Each line from the opening of the listing below through the line that contains "Lemma mtensm_proof (M" is to be output exactly as written.

(Material shown Opens)

Lemma mtens_assoc :
  ((a \ox b) \oo cm2 T (car M) (car N)) \oo fmap T ((a \ox b) \oo cm2 T (car M) (car N))
  = ((a \ox b) \oo cm2 T (car M) (car N)) \oo mu T (tens (car M) (car N)).
Proof.
rewrite -!(catA HC) (mu_cm2 HT) (fmap_comp HT) !(catA HC).
rewrite -[_ \oo cm2 T _ _ \oo fmap T (a \ox b)](catA HC) (cm2_nat HT).
rewrite (catA HC) -(tens_comp HC) /a /b !act_assoc (tens_comp HC).
by rewrite -!(catA HC).
Qed.

Lemma mtens_unit :
  ((a \ox b) \oo cm2 T (car M) (car N)) \oo eta T (tens (car M) (car N))
  = idm (tens (car M) (car N)).
Proof.
by rewrite -(catA HC) (eta_cm2 HT) -(tens_comp HC) /a /b !act_unit (tens_id HC).
Qed.

Definition mtens : Mod := ModMk mtens_assoc mtens_unit.
End Tens.

Lemma mtensm_proof (M M' N N' : Mod) (f : mhom M M') (g : mhom N N') :
  act (mtens M' N') \oo fmap T (proj1_sig f \ox proj1_sig g)
  = (proj1_sig f \ox proj1_sig g) \oo act (mtens M N).
Proof.
case: f g => f Hf [g Hg] /=.
rewrite -(catA HC) (cm2_nat HT) (catA HC) -(tens_comp HC) Hf Hg.
by rewrite (tens_comp HC) (catA HC).
Qed.

Definition mtensm (M M' N N' : Mod) (f : mhom M M') (g : mhom N N')
  : mhom (mtens M N) (mtens M' N') :=
  exist _ (proj1_sig f \ox proj1_sig g) (mtensm_proof f g).

Lemma munit_assoc : cm0 T \oo fmap T (cm0 T) = cm0 T \oo mu T munit.
Proof. by rewrite (mu_cm0 HT). Qed.

Definition munitM : Mod := ModMk munit_assoc (eta_cm0 HT).

Lemma mod_eq (M N : Mod) (e : car M = car N) :
  idto e \oo act M = act N \oo fmap T (idto e) -> M = N.
Proof.
case: M e => X r r1 r2; case: N => Y s s1 s2 /= e; case: Y / e s s1 s2 => s s1 s2 /=.
rewrite (fmap_id HT) (comp_idl HC) (comp_idr HC) => E.
case: s / E s1 s2 => s1 s2.
by rewrite (proof_irrelevance _ r1 s1) (proof_irrelevance _ r2 s2).
Qed.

(Material shown Closes)

Response area:
Lemma mtens_assoc :
  ((a \ox b) \oo cm2 T (car M) (car N)) \oo fmap T ((a \ox b) \oo cm2 T (car M) (car N))
  = ((a \ox b) \oo cm2 T (car M) (car N)) \oo mu T (tens (car M) (car N)).
Proof.
rewrite -!(catA HC) (mu_cm2 HT) (fmap_comp HT) !(catA HC).
rewrite -[_ \oo cm2 T _ _ \oo fmap T (a \ox b)](catA HC) (cm2_nat HT).
rewrite (catA HC) -(tens_comp HC) /a /b !act_assoc (tens_comp HC).
by rewrite -!(catA HC).
Qed.

Lemma mtens_unit :
  ((a \ox b) \oo cm2 T (car M) (car N)) \oo eta T (tens (car M) (car N))
  = idm (tens (car M) (car N)).
Proof.
by rewrite -(catA HC) (eta_cm2 HT) -(tens_comp HC) /a /b !act_unit (tens_id HC).
Qed.

Definition mtens : Mod := ModMk mtens_assoc mtens_unit.
End Tens.

Lemma mtensm_proof (M M' N N' : Mod) (f : mhom M M') (g : mhom N N') :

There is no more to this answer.